Govt. deducts VAT from items powered by renewable energy
Kaieteur News – The Government of Guyana, in effect from March 1, 2021, has implemented a financial incentive for the renewable energy industry and has since exempted items for business use, from payment of any Value Added Tax (VAT).
The Order was made that gave effect to the government’s incentive under the Value Added Tax Act, which restructured the schedules for goods and services that are either zero-rated or excluded all together.
The provisions of the Order were signed by the Significant Minister with responsibility for the Finance Portfolio in the Office of the President, Dr. Ashni Singh.
According to the notice – since it was published in the Official Gazette and subsequently in parts of the daily newspapers – exempt from VAT charges are machinery and equipment acquired for generating and using electricity from renewable energy sources.

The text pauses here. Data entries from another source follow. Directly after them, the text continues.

(* Every group $G\subset \mathrm{Diff}^1_+([0,1])$ without hyperbolic fixed points is without linked fixed points.
   Context: $G\subset \mathrm{Diff}^1_+([0,1])$ is without hyperbolic fixed points if for every $g\in G$ and every $x\in\mathrm{Fix}(g)$ one has $Dg(x)=1$. For a group $G$ of homeomorphisms of $[0,1]$, a pair of successive fixed points of $G$ is a pair $\{a,b\}$, $a<b$, such that $(a,b)$ is a connected component of $[0,1]\setminus \mathrm{Fix}(g)$ for some $g\in G$. Two pairs $\{a,b\}$ and $\{c,d\}$ are linked if $(a,b)\cap\{c,d\}$ or $(c,d)\cap\{a,b\}$ consists of exactly one point. $G$ is without linked fixed points if no two pairs of successive fixed points of $G$ are linked. *)

From Stdlib Require Import Reals.
Open Scope R_scope.

Definition I01 (x : R) : Prop := 0 <= x <= 1.

(* One-sided-at-the-endpoints derivative on [0,1]:
   f has derivative l at x within [0,1]. *)
Definition has_deriv01 (f : R -> R) (x l : R) : Prop :=
  limit1_in (fun y => (f y - f x) / (y - x))
            (fun y => I01 y /\ y <> x) l x.

Definition C1_01 (f : R -> R) : Prop :=
  exists f' : R -> R,
    (forall x, I01 x -> has_deriv01 f x (f' x)) /\
    (forall x, I01 x -> limit1_in f' I01 (f' x) x).

Definition Diff1plus (f : R -> R) : Prop :=
  (forall x, I01 x -> I01 (f x)) /\
  (exists g : R -> R,
     (forall x, I01 x -> I01 (g x)) /\
     (forall x, I01 x -> g (f x) = x) /\
     (forall x, I01 x -> f (g x) = x) /\
     C1_01 f /\ C1_01 g) /\
  (forall x y, I01 x -> I01 y -> x < y -> f x < f y).

(* G (a set of maps R -> R, considered through their restrictions to [0,1])
   is a group under composition, equality being equality on [0,1]. *)
Definition is_group01 (G : (R -> R) -> Prop) : Prop :=
  (exists e, G e /\ forall x, I01 x -> e x = x) /\
  (forall f g, G f -> G g -> exists h, G h /\ forall x, I01 x -> h x = f (g x)) /\
  (forall f, G f -> exists h, G h /\ forall x, I01 x -> h (f x) = x /\ f (h x) = x).

Definition no_hyperbolic_fixed (G : (R -> R) -> Prop) : Prop :=
  forall g x, G g -> I01 x -> g x = x -> has_deriv01 g x 1.

(* {a,b}, a<b, is a pair of successive fixed points of G: (a,b) is a connected
   component of [0,1] \ Fix(g) for some g in G, i.e. a, b in [0,1] are fixed by g
   and g has no fixed point in (a,b). *)
Definition succ_fixed (G : (R -> R) -> Prop) (a b : R) : Prop :=
  exists g, G g /\ 0 <= a /\ a < b /\ b <= 1 /\ g a = a /\ g b = b /\
    (forall x, a < x < b -> g x <> x).

Definition exactly_one_in (a b c d : R) : Prop :=
  (a < c < b /\ ~ (a < d < b)) \/ (~ (a < c < b) /\ a < d < b).

Definition linked (a b c d : R) : Prop :=
  exactly_one_in a b c d \/ exactly_one_in c d a b.

Definition no_linked_fixed (G : (R -> R) -> Prop) : Prop :=
  forall a b c d, succ_fixed G a b -> succ_fixed G c d -> ~ linked a b c d.

(* Suppose two pairs of successive fixed points are linked.  Each pair is the
   support of an element of G pushing its interior to the right and of one
   pushing it to the left (an element or its inverse; [both_directions]).
   Linking then yields a "crossing": maps F, H in G and an interval [c,b] with
   F fixing b and pushing [c,b) to the right, H fixing c and pushing (c,b] to
   the left (up to an endpoint, repaired with a first/last fixed point of a
   composite, [no_crossing_right]/[no_crossing_left]).  Iterating, F^N and
   H^M send [c,b] into disjoint subintervals: a ping-pong pair.  The core of
   the proof ([no_ping_pong]) shows that no such pair exists: the 2^n images
   of [c,b] under words of length n are disjoint, so most are short; with
   the bounded distortion of C^1 diffeomorphisms ([diff_distortion],
   [word_distortion]) a counting argument ([contracting_word]) gives a word
   contracting [c,b] by 1/2, while by Knaster-Tarski it has a fixed point in
   [c,b], where its derivative must be 1. *)

From Stdlib Require Import Reals Lra Classical List.
Import ListNotations.
Open Scope R_scope.

Lemma limit1_in_eps (f : R -> R) (D : R -> Prop) (l x : R) :
  limit1_in f D l x ->
  forall eps, 0 < eps -> exists d, 0 < d /\
    forall y, D y -> Rabs (y - x) < d -> Rabs (f y - l) < eps.
Proof.
  intros H eps Heps. destruct (H eps Heps) as [d [Hd Hy]].
  exists d; split; [lra|]. intros y Dy Hyx. apply (Hy y). split; auto.
Qed.

Definition cont01_at (f : R -> R) (x : R) : Prop :=
  forall eps, 0 < eps -> exists d, 0 < d /\
    forall y, I01 y -> Rabs (y - x) < d -> Rabs (f y - f x) < eps.

Definition cont01 (f : R -> R) : Prop := forall x, I01 x -> cont01_at f x.

(* Differentiability within [0,1] implies continuity within [0,1]:
   |f y - f x| <= (|l| + 1) |y - x| near x. *)
Lemma has_deriv01_cont (f : R -> R) (x l : R) : has_deriv01 f x l -> cont01_at f x.
Proof.
  intros Hder eps Heps.
  destruct (limit1_in_eps _ _ _ _ Hder 1 ltac:(lra)) as [d [Hd Hq]].
  assert (Hl : 0 < Rabs l + 1) by (pose proof (Rabs_pos l); lra).
  exists (Rmin d (eps / (Rabs l + 1))). split.
  { apply Rmin_pos; [lra | apply Rdiv_lt_0_compat; lra]. }
  intros y Iy Hyx.
  destruct (Req_dec y x) as [->|Hne].
  { unfold Rminus; rewrite Rplus_opp_r, Rabs_R0; lra. }
  pose proof (Rmin_l d (eps / (Rabs l + 1))). pose proof (Rmin_r d (eps / (Rabs l + 1))).
  specialize (Hq y (conj Iy Hne) ltac:(lra)).
  set (q := (f y - f x) / (y - x)) in Hq.
  assert (Eq : f y - f x = q * (y - x)) by (unfold q; field; lra).
  assert (Hqbound : Rabs q <= Rabs l + 1).
  { pose proof (Rabs_triang (q - l) l). replace (q - l + l) with q in * by ring. lra. }
  rewrite Eq, Rabs_mult.
  apply Rle_lt_trans with ((Rabs l + 1) * Rabs (y - x)).
  { apply Rmult_le_compat_r; [apply Rabs_pos | lra]. }
  apply Rlt_le_trans with ((Rabs l + 1) * (eps / (Rabs l + 1))).
  { apply Rmult_lt_compat_l; lra. }
  right; field; lra.
Qed.

Lemma C1_01_cont (f : R -> R) : C1_01 f -> cont01 f.
Proof. intros [f' [Hd _]] x Ix. exact (has_deriv01_cont f x (f' x) (Hd x Ix)). Qed.

Lemma limit1_in_cont01 (f : R -> R) :
  (forall x, I01 x -> limit1_in f I01 (f x) x) -> cont01 f.
Proof.
  intros H x Ix eps Heps.
  destruct (limit1_in_eps _ _ _ _ (H x Ix) eps Heps) as [d [Hd Hy]]. eauto.
Qed.

(* The retraction of R onto [0,1]; it transports continuity within [0,1] to
   continuity on R, so that the real-analysis library applies. *)
Definition clamp01 (x : R) : R := Rmax 0 (Rmin 1 x).

Lemma clamp01_I01 (x : R) : I01 (clamp01 x).
Proof. unfold clamp01, I01, Rmax, Rmin. repeat destruct Rle_dec; lra. Qed.

Lemma clamp01_id (x : R) : I01 x -> clamp01 x = x.
Proof. unfold clamp01, I01, Rmax, Rmin. intros. repeat destruct Rle_dec; lra. Qed.

Lemma clamp01_lipschitz (x y : R) : Rabs (clamp01 x - clamp01 y) <= Rabs (x - y).
Proof.
  unfold clamp01, Rmax, Rmin, Rabs.
  repeat destruct Rle_dec; repeat destruct Rcase_abs; lra.
Qed.

Lemma cont01_clamp (f : R -> R) : cont01 f -> continuity (fun y => f (clamp01 y)).
Proof.
  intros Hf x eps Heps.
  destruct (Hf (clamp01 x) (clamp01_I01 x) eps Heps) as [d [Hd Hy]].
  exists d; split; [lra|]. intros y [_ Hyx]. simpl in *; unfold R_dist in *.
  apply Hy; [apply clamp01_I01|].
  eapply Rle_lt_trans; [apply clamp01_lipschitz | exact Hyx].
Qed.

Lemma MVT01 (f f' : R -> R) : (forall x, I01 x -> has_deriv01 f x (f' x)) ->
  forall s t, I01 s -> I01 t -> s < t ->
  exists z, s <= z <= t /\ f t - f s = f' z * (t - s).
Proof.
  intros Hd s t Is It Hst.
  assert (Hcont : cont01 f) by (intros x Ix; exact (has_deriv01_cont f x _ (Hd x Ix))).
  set (fc := fun y => f (clamp01 y)).
  (* In the interior of [0,1] the clamped function has an honest derivative. *)
  assert (Hder : forall z, s < z < t -> derivable_pt_lim fc z (f' z)).
  { intros z Hz eps Heps. unfold I01 in *.
    assert (Iz : I01 z) by (unfold I01; lra).
    destruct (limit1_in_eps _ _ _ _ (Hd z Iz) eps Heps) as [a [Ha Hq]].
    assert (Hpos : 0 < Rmin a (Rmin z (1 - z))) by (repeat apply Rmin_pos; lra).
    exists (mkposreal _ Hpos). intros h Hh0 Hh. simpl in Hh.
    pose proof (Rmin_l a (Rmin z (1 - z))). pose proof (Rmin_r a (Rmin z (1 - z))).
    pose proof (Rmin_l z (1 - z)). pose proof (Rmin_r z (1 - z)).
    assert (Hh2 : - z < h < 1 - z) by (unfold Rabs in Hh; destruct Rcase_abs; lra).
    assert (Izh : I01 (z + h)) by (unfold I01; lra).
    unfold fc. rewrite (clamp01_id (z + h) Izh), (clamp01_id z Iz).
    replace h with ((z + h) - z) at 2 by ring.
    apply Hq; [split; [exact Izh | intro E; apply Hh0; lra] |].
    replace (z + h - z) with h by ring. lra. }
  set (pr1 := fun z (P : s < z < t) =>
                exist (fun l => derivable_pt_lim fc z l) (f' z) (Hder z P)).
  set (pr2 := fun z (P : s < z < t) =>
                exist (fun l => derivable_pt_lim id z l) 1 (derivable_pt_lim_id z)).
  destruct (MVT fc id s t pr1 pr2 Hst) as [z [P Hz]].
  { intros z _. apply cont01_clamp; exact Hcont. }
  { intros z _. apply derivable_continuous_pt. exists 1. apply derivable_pt_lim_id. }
  unfold derive_pt, pr1, pr2 in Hz. simpl in Hz. unfold fc, id in Hz.
  rewrite (clamp01_id s Is), (clamp01_id t It) in Hz.
  exists z. split; lra.
Qed.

The Order stated that these include solar panels, solar lamps, deep cycle batteries, solar generators, solar ovens, solar water heaters, solar refrigerators and freezers, solar air conditioners and inverters.
These, as well as water turbines, wind turbines and energy efficient lighting, include compact fluorescent lamps and LEDs.

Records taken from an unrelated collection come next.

(* Let $n\ge3$, $D>0$, $T\ge1$ and $G_1,\dots,G_T>0$. Consider the following $T$-round game on $\mathcal{D}^n_{++}$ with the affine-invariant metric. In round $t$ the player chooses a real diagonal matrix $Y_t$ with $\|Y_t\|_F\le D/2$ (i.e. the point $p_t=e^{Y_t}\in\mathcal{N}_D:=\{e^Y: Y\text{ real diagonal},\ \|Y\|_F\le D/2\}$), then the adversary chooses a real diagonal matrix $X_t$ with $\|X_t\|_F\le G_t$, which defines the loss $f_t(p)=-\mathrm{tr}(X_t\log p)$ on $\mathcal{D}^n_{++}$. Let $$\mathcal{V}_T=\inf_{Y_1}\sup_{X_1}\cdots\inf_{Y_T}\sup_{X_T}\Big[\sum_{t=1}^Tf_t(p_t)-\inf_{p\in\mathcal{N}_D}\sum_{t=1}^Tf_t(p)\Big].$$ Then $\mathcal{V}_T=\frac D2\sqrt{\sum_{t=1}^TG_t^2}$. Moreover, the player strategy $$Y_t=\frac D2\cdot\frac{\sum_{s=1}^{t-1}X_s}{\sqrt{\big\|\sum_{s=1}^{t-1}X_s\big\|_F^2+\sum_{s=t}^TG_s^2}}$$ guarantees regret at most $\frac D2\sqrt{\sum_{t=1}^TG_t^2}$ against every adversary.
   Context: $\mathcal{D}^n_{++}$ is the set of $n\times n$ diagonal matrices with positive diagonal entries, a submanifold of the SPD matrices with the affine-invariant metric $\langle U,V\rangle_p=\mathrm{tr}(p^{-1}Up^{-1}V)$; its tangent spaces are the real diagonal matrices, $\mathrm{Exp}_I(Y)=e^Y$, and the distance is $d(p,q)=\big(\sum_i(\log\lambda_i(q^{-1/2}pq^{-1/2}))^2\big)^{1/2}$, so $\mathcal{N}_D$ is the geodesic ball of radius $D/2$ about $I$. $\|\cdot\|_F$ is the Frobenius norm, $\log$ the matrix logarithm. Each loss $f_t$ is a nonnegative multiple (at most $G_t$) of a Busemann function and is gsc-convex with gradient norm at most $G_t$. Empty sums equal $0$. *)

From HB Require Import structures.
From mathcomp Require Import all_boot all_order all_algebra.
From mathcomp Require Import all_classical all_reals all_analysis.
Set Implicit Arguments. Unset Strict Implicit. Unset Printing Implicit Defensive.
Import Order.TTheory GRing.Theory Num.Theory.
Local Open Scope ring_scope.
Local Open Scope classical_set_scope.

In addition, the supply of machinery and equipment for the use of alternate energy technologies and renewable energy options, such as gasifiers to use biomass and harness renewable energy through wind, solar and water, as determined by the Commissioner, were also exempt from VAT payments.
The VAT exemption warning comes at the center of Guyana Energy Agency’s (GEA) active drive towards establishing a domestic energy mix for development over the next five years of some 400 mega watts (MW) of installed capacity in the country .
This is the address of Guyana’s key energy agency, which falls under the portfolio of the Prime Minister and President.
According to the Head of GEA, Dr. Mahender Sharma, the agency’s overall strategy is rooted in the accusation presented to open the 12th Parliament by President, Dr. Irfaan Ali, who summarizes the thrust of the GEA’s energy policy going forward.
He reminded of the encouragement of Dr. Ali said that “Guyana’s energy security will be driven by an energy mix that will see solar gas, wind, hydro and natural gas, all key components in making us the region’s energy capital.”
According to Dr. Sharma, included in the specific targets, as expressed by the Office of the Prime Minister, is “to develop a world class energy mix, and install 400MW of new installed capacity including hydropower, solar, wind and natural gas. ”
He noted that natural gas had been considered to supply approximately 200MW of the proposed 400MW installed capacity, meanwhile only.
Notably, the warning comes as a result of the GEA inviting interested companies to bid for the design and installation of a number of small grid solar systems, and electrical distribution networks.
According to the invitation to bid submitted by the GEA, the entity is seeking qualified bidders for a 171 kilowatt-hour (kWp) photovoltaic system set up in St. Monica, Region Two.
In a separate invitation, the company said it was looking to get a similar installation at the Capoey Mission for about 171 kilowatt hours while another facility is projected at 39.5 kWp for Capoey Lake Top.
GEA, in recently advertised invitations, also called on companies to provide services for the design, supply, installation and commissioning of a 153 kWp off-grid solar photovoltaic micro-grid system and electrical distribution network in Mainstay-Whyaka and St. . Deny’s Tapakuma Communities.
The entity has also invited companies to submit their proposals for the design, supply, installation and commissioning of a 244 kWp off-grid photovoltaic solar micro-grid system and electrical distribution network in Waramadong, Region Seven.
According to Dr. Sharma, some 39MW would be added to the grid using solar farms and similar smaller systems over the next three years.
Dr. Sharma also noted that in recent years the government had already outfitted about 291 state buildings with solar systems for generating electricity, an initiative that had caused savings of about $ 500M.